Unit Testing Using Context

Jeremy McAnally has released a gem called context allowing contexts in Test::Unit tests. It's all the rage, even those crazy Rails guys are doing it (although I did check out some of their unit tests earlier and couldn't find any).

Anyway, I'm way behind on my TDD and BDD and all other testing acronyms so I decided to give it a go. These are way simple tests and I actually did it the normal Rails way initially before "converting" to the context way of doing it.

I've got converting up there in quotes because it was really, really simple and I hardly did anything which is fantastic because the easier something that's good is to do, the more people will eventually do it; think Rails conventions.

Getting Started

Get the gem:
$ gem sources -a http://gems.github.com
$ sudo gem install jeremymcanally-context
That is outlined as the install procedure, but you can't just use it as you must require that bad boy for your Rails app to use it - so put this in your test_helper.rb:
require 'context'
This allows it to be used in all tests that require the test_helper. I've also put some other helper methods (where else) in here, just simple stuff like:

def get_post(*id)
if id.nil?
Post.new
else
Post.find(id)
end
end
I also noticed that in your individual Unit Tests you don't need to explicitly put
fixtures :comment
and the like because
fixtures :all
is declared in this file allowing you to just access your fixtures like so:
comment = comments(:comment_1)
Here I have a comments.yml fixture which can be accessed via
comments
and I have an individual record
:comment_1


On to the test, finally

So here's my edited Unit test class:
require File.dirname(__FILE__) + '/../test_helper'

class CommentTest < Test::Unit::TestCase

context "A new comment" do
test "should be valid with both name and body" do
comment = Comment.new(:name => 'My User',
:email => 'myuser@example.com',
:url => 'http://www.example.com',
:body => "Here's my comment for ya!")
assert comment.valid?
assert comment.errors.empty?
end

test "should be invalid with name but no body" do
comment = Comment.new(:name => 'My User',
:email => 'myuser@example.com',
:url => 'http://www.example.com')
assert !comment.valid?
assert comment.errors.invalid?(:body)
end
end

context "An existing comment" do
test "should be valid" do
comment = comments(:comment_1)
assert comment.valid?
assert comment.errors.empty?
end
end
end
As you can see it's pretty much the same as any normal Rails Unit test, except for a couple of minor changes / improvements:
  1. The class inherits from Test::Unit::TestCase instead of ActiveSupport::TestCase
  2. We've added two context blocks in there to wrap our tests, creating a more readable and elegant test
  3. We're not
    def
    ining our test methods, we instead have test blocks, which, again, makes the whole thing read like a sentence; some would say the sign of beautiful code
  4. We can also have before and after blocks (my before block is kinda lame but yours could do whatever you want, creating multiple objects for use in your tests for example, so you don't have to create new ones for every test) much like setUp and tearDown in JUnit
On the second and third points; if you read your tests out loud they should flow like a sentence.
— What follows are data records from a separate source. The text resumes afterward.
(* For every integer $t\ge 2$ and positive integers $d,k$ there exists an integer $m=m(t,k,d)\le k^{2^{d-1}}+t-1$ with the following property: the (unordered) $t$-tuples of every finite point set $S\subset\mathbb{R}^d$ can be $k$-colored such that every axis-parallel box in $\mathbb{R}^d$ that contains at least $m$ points of $S$ contains $t$-tuples of points of $S$ colored with each of the $k$ colors.
   Context: An axis-parallel closed halfspace in $\mathbb{R}^d$ is a set $\{\mathbf{p}\mid (\mathbf{p})_i\le\beta\}$ or $\{\mathbf{p}\mid (\mathbf{p})_i\ge\beta\}$ for some coordinate $1\le i\le d$ and real $\beta$; an axis-parallel box is an intersection of such halfspaces. A $t$-tuple of points of $S$ is a $t$-element subset of $S$; a box contains it if it contains all its points. *)

From HB Require Import structures.
From mathcomp Require Import all_boot all_order all_algebra.
From mathcomp Require Import finmap.
From mathcomp Require Import reals.
Set Implicit Arguments. Unset Strict Implicit. Unset Printing Implicit Defensive.
Import Order.TTheory GRing.Theory Num.Theory.
Local Open Scope ring_scope.

(* Points of R^d are row vectors 'rV[R]_d; coordinate i of p is p 0 i. *)

Definition halfspace {R : realType} {d : nat} (h : 'I_d * R * bool)
  (p : 'rV[R]_d) : bool :=
  let: (i, beta, upper) := h in
  if upper then p 0 i <= beta else beta <= p 0 i.

(* An axis-parallel box: the intersection of a (finite) list of axis-parallel
   closed halfspaces. *)
Definition in_box {R : realType} {d : nat} (H : seq ('I_d * R * bool))
  (p : 'rV[R]_d) : bool :=
  all (fun h => halfspace h p) H.

Definition box_points {R : realType} {d : nat} (H : seq ('I_d * R * bool))
  (S : {fset 'rV[R]_d}) : {fset 'rV[R]_d} :=
  [fset p in S | in_box H p]%fset.

From HB Require Import structures.
From mathcomp Require Import all_boot all_order all_algebra finmap reals zify.
Import Order.TTheory GRing.Theory Num.Theory.
Set Implicit Arguments. Unset Strict Implicit. Unset Printing Implicit Defensive.

(* Points are compared along coordinate 0 and, for each of the 2^(d-1) sign
   vectors s, by the orthant order in which coordinate 0 increases and every
   other coordinate moves in the direction prescribed by s; any two distinct
   points are comparable in exactly one orthant order.  A t-tuple is coloured
   by its two lowest points p, x (along coordinate 0): if x has height h above
   p in the orthant order of (p, x), the colour is h - 2 modulo k.
   In a box with at least k^(2^(d-1)) + t - 1 points, set aside the t - 2
   highest ones.  The remaining more than k^(2^(d-1)) points contain, by the
   pigeonhole form of Mirsky's theorem applied to the orthant orders, a chain
   p < ... < y of k + 1 points in one orthant order.  Heights above p then take
   every value from 2 to k + 1 on points z <= y, which lie in the box because
   boxes are convex for orthant orders; {p, z} together with the set-aside
   points is a t-tuple of any prescribed colour. *)

Lemma sub_count_lt (T : eqType) (a b : pred T) (s : seq T) y :
  subpred a b -> y \in s -> b y -> ~~ a y -> count a s < count b s.
Proof.
move=> ab; elim: s => //= z s IH; rewrite inE => /predU1P[<-|ys] By Ny.
  by rewrite By (negbTE Ny) add0n add1n ltnS sub_count.
rewrite -addnS leq_add ?IH //.
by case: (a z) (ab z) => // ->.
Qed.

Lemma bigmax_seq_witness (I : eqType) (r : seq I) (P : pred I) (F : I -> nat) :
  0 < \max_(i <- r | P i) F i ->
  exists2 i, (i \in r) && P i & F i = \max_(i <- r | P i) F i.
Proof.
rewrite big_seq_cond.
elim/big_ind: _ => [//| m1 m2 IH1 IH2 | i iP _]; last by exists i.
by case: (leqP m1 m2) => _; [exact: IH2 | exact: IH1].
Qed.

Section Height.
Variables (T : eqType) (lt : rel T) (A : seq T).
Hypotheses (lt_irr : irreflexive lt) (lt_trans : transitive lt).

Fixpoint height_upto (fuel : nat) (x : T) : nat :=
  if fuel is fuel'.+1 then (\max_(y <- A | lt y x) height_upto fuel' y).+1 else 0.

(* The number of elements of a longest lt-chain of A ending at x; the fuel
   exceeds the number of elements of A below x, whence [heightE]. *)
Definition height (x : T) : nat := height_upto (size A).+1 x.

Lemma count_below_lt x y :
  y \in A -> lt y x -> count (lt^~ y) A < count (lt^~ x) A.
Proof.
move=> yA lyx; apply: (sub_count_lt _ yA lyx); last by rewrite /= lt_irr.
by move=> z /= lzy; apply: lt_trans lzy lyx.
Qed.

Lemma height_upto_stable fuel1 fuel2 x :
  count (lt^~ x) A < fuel1 -> count (lt^~ x) A < fuel2 ->
  height_upto fuel1 x = height_upto fuel2 x.
Proof.
elim: fuel1 fuel2 x => [|f1 IH] [|f2] x //= h1 h2; congr S.
rewrite big_seq_cond [RHS]big_seq_cond; apply: eq_bigr => y /andP[yA lyx].
have := count_below_lt yA lyx; move: h1 h2; rewrite !ltnS => h1 h2 hy.
by apply: IH; lia.
Qed.

Lemma heightE x : height x = (\max_(y <- A | lt y x) height y).+1.
Proof.
rewrite [LHS]/height /=; congr S.
rewrite big_seq_cond [RHS]big_seq_cond; apply: eq_bigr => y /andP[yA lyx].
have := count_below_lt yA lyx; have := count_size (lt^~ x) A.
by move=> hx hy; apply: height_upto_stable; lia.
Qed.

Lemma height_gt0 x : 0 < height x.
Proof. by rewrite heightE. Qed.

Lemma height_lt x y : x \in A -> lt x y -> height x < height y.
Proof. by move=> xA lxy; rewrite [height y]heightE ltnS (leq_bigmax_seq x). Qed.

Lemma height_min x : {in A, forall y, ~~ lt y x} -> height x = 1.
Proof.
move=> minx; rewrite heightE big_seq_cond big_pred0 // => y.
by apply/negbTE/nandP; case: (boolP (y \in A)) => [/minx|]; auto.
Qed.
So in the simple tests I have created we have:

"A new comment should be invalid with no body or name" - the context and the test name form a flowing sentence. "An existing comment should be valid" etc.

All of my tests start with the word should, but there is no reason they couldn't start with anything else as long as they create a sentence like structure. They could be rewritten "A new comment could be accepted as long as a user is present", it's a bit more verbose, but it still reads like a sentence and everyone looking at that test will know what it's meant to be testing.

There is still a lot to learn, like Mocks, Integration Tests, Functional Tests and even more on Unit Tests - like writing them before the code.

But my first foray was an enjoyable one and something I will definitely keep doing and I hope this is a help to even just one person and gives them a boost to create their own tests, making their software more stable and maintainable.

Thoughts, comments, corrections and/or improvements welcome.